▶ WHAT TO WORK ON: Starting at the line with "Context: For an" and going on through the line with "(* a basis of", reproduce each line in the records below exactly and nothing more.

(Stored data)
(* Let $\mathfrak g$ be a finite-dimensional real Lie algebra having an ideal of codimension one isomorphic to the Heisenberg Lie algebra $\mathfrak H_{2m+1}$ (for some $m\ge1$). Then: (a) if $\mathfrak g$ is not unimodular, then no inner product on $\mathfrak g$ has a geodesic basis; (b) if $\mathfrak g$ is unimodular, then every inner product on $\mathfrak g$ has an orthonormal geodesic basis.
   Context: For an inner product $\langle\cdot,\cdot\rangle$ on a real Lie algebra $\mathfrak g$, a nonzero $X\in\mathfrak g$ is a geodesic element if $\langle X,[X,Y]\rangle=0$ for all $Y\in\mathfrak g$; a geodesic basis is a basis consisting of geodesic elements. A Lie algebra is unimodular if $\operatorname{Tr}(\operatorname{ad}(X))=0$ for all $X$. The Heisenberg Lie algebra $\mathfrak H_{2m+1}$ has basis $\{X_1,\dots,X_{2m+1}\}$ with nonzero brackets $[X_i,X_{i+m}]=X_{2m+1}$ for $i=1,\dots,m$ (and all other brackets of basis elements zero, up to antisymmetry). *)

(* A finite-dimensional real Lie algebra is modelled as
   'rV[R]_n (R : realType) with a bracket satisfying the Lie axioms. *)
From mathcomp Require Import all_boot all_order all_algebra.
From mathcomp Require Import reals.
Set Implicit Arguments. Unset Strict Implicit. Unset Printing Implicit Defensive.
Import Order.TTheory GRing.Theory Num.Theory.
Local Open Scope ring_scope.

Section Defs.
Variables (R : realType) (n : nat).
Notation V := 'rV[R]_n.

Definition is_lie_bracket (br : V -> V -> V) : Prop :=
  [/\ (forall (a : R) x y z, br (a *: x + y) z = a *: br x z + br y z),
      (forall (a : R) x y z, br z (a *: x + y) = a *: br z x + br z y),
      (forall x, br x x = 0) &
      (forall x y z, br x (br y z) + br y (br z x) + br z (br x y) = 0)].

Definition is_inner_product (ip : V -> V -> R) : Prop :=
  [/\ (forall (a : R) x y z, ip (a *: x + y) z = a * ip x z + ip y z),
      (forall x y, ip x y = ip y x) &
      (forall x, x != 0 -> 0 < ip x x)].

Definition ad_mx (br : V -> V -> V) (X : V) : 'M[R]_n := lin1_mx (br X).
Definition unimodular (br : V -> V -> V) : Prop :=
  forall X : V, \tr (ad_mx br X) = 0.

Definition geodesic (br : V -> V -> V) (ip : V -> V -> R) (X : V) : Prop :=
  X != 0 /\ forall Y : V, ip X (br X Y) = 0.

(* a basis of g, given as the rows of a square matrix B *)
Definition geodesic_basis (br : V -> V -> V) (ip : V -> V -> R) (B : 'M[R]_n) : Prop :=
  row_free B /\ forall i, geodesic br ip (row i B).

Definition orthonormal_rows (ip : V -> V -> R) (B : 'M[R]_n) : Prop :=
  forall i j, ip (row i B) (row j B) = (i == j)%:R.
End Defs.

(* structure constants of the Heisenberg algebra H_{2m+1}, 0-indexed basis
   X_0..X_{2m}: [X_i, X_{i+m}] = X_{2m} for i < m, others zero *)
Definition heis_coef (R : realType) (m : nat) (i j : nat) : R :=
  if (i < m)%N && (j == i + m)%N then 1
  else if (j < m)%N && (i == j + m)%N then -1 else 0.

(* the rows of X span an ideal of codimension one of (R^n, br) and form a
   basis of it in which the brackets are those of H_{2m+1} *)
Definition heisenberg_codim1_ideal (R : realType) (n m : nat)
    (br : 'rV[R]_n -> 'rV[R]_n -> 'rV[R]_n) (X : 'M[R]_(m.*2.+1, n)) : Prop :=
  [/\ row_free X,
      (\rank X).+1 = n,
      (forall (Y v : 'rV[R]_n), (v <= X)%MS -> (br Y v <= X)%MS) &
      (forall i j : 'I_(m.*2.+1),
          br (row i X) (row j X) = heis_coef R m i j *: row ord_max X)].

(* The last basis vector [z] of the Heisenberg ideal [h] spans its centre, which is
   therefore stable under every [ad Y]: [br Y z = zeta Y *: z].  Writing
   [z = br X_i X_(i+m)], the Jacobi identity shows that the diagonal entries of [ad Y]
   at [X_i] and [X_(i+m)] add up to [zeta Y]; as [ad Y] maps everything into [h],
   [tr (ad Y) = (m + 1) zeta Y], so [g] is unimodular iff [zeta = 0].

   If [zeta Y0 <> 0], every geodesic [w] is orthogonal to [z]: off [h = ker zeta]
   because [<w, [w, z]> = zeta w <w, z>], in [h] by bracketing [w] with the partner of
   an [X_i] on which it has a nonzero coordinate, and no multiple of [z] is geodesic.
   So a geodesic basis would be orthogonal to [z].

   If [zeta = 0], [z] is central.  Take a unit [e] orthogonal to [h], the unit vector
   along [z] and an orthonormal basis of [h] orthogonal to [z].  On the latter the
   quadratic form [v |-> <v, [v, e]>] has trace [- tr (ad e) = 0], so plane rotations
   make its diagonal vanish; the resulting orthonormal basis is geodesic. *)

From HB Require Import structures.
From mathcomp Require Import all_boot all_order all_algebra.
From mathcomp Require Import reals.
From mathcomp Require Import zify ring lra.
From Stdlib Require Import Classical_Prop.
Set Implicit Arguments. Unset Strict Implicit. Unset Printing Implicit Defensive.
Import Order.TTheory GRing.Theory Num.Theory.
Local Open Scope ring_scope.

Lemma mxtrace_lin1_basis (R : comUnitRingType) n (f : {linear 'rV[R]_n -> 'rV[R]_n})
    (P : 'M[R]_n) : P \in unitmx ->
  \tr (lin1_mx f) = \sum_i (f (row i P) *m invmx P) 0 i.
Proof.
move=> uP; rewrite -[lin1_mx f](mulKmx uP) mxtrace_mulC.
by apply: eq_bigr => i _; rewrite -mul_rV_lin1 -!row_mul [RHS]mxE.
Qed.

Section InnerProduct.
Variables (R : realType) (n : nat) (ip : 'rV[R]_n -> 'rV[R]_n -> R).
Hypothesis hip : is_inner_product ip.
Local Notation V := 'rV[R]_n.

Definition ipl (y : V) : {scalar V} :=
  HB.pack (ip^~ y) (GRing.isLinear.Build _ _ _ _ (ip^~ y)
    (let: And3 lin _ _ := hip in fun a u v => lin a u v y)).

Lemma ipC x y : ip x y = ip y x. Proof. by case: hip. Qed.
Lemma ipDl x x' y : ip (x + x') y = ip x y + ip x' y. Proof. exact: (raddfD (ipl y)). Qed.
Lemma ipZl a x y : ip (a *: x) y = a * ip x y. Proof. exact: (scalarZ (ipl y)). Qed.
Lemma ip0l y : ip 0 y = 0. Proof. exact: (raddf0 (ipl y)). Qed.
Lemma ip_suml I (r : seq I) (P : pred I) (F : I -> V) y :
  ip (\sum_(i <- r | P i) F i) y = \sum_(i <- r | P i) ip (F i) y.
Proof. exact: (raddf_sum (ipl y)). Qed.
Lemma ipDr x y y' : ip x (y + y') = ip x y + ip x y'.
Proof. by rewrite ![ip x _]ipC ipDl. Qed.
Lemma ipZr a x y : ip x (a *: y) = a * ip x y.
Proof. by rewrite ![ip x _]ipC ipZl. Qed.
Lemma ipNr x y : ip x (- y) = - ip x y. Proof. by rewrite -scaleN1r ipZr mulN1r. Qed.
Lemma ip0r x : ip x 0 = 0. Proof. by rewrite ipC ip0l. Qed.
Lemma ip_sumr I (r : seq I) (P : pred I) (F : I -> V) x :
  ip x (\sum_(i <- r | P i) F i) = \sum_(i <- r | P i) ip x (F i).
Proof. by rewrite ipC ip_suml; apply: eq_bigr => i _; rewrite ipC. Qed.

▶ WRITTEN ANSWER:
   Context: For an inner product $\langle\cdot,\cdot\rangle$ on a real Lie algebra $\mathfrak g$, a nonzero $X\in\mathfrak g$ is a geodesic element if $\langle X,[X,Y]\rangle=0$ for all $Y\in\mathfrak g$; a geodesic basis is a basis consisting of geodesic elements. A Lie algebra is unimodular if $\operatorname{Tr}(\operatorname{ad}(X))=0$ for all $X$. The Heisenberg Lie algebra $\mathfrak H_{2m+1}$ has basis $\{X_1,\dots,X_{2m+1}\}$ with nonzero brackets $[X_i,X_{i+m}]=X_{2m+1}$ for $i=1,\dots,m$ (and all other brackets of basis elements zero, up to antisymmetry). *)

(* A finite-dimensional real Lie algebra is modelled as
   'rV[R]_n (R : realType) with a bracket satisfying the Lie axioms. *)
From mathcomp Require Import all_boot all_order all_algebra.
From mathcomp Require Import reals.
Set Implicit Arguments. Unset Strict Implicit. Unset Printing Implicit Defensive.
Import Order.TTheory GRing.Theory Num.Theory.
Local Open Scope ring_scope.

Section Defs.
Variables (R : realType) (n : nat).
Notation V := 'rV[R]_n.

Definition is_lie_bracket (br : V -> V -> V) : Prop :=
  [/\ (forall (a : R) x y z, br (a *: x + y) z = a *: br x z + br y z),
      (forall (a : R) x y z, br z (a *: x + y) = a *: br z x + br z y),
      (forall x, br x x = 0) &
      (forall x y z, br x (br y z) + br y (br z x) + br z (br x y) = 0)].

Definition is_inner_product (ip : V -> V -> R) : Prop :=
  [/\ (forall (a : R) x y z, ip (a *: x + y) z = a * ip x z + ip y z),
      (forall x y, ip x y = ip y x) &
      (forall x, x != 0 -> 0 < ip x x)].

Definition ad_mx (br : V -> V -> V) (X : V) : 'M[R]_n := lin1_mx (br X).
Definition unimodular (br : V -> V -> V) : Prop :=
  forall X : V, \tr (ad_mx br X) = 0.

Definition geodesic (br : V -> V -> V) (ip : V -> V -> R) (X : V) : Prop :=
  X != 0 /\ forall Y : V, ip X (br X Y) = 0.

(* a basis of g, given as the rows of a square matrix B *)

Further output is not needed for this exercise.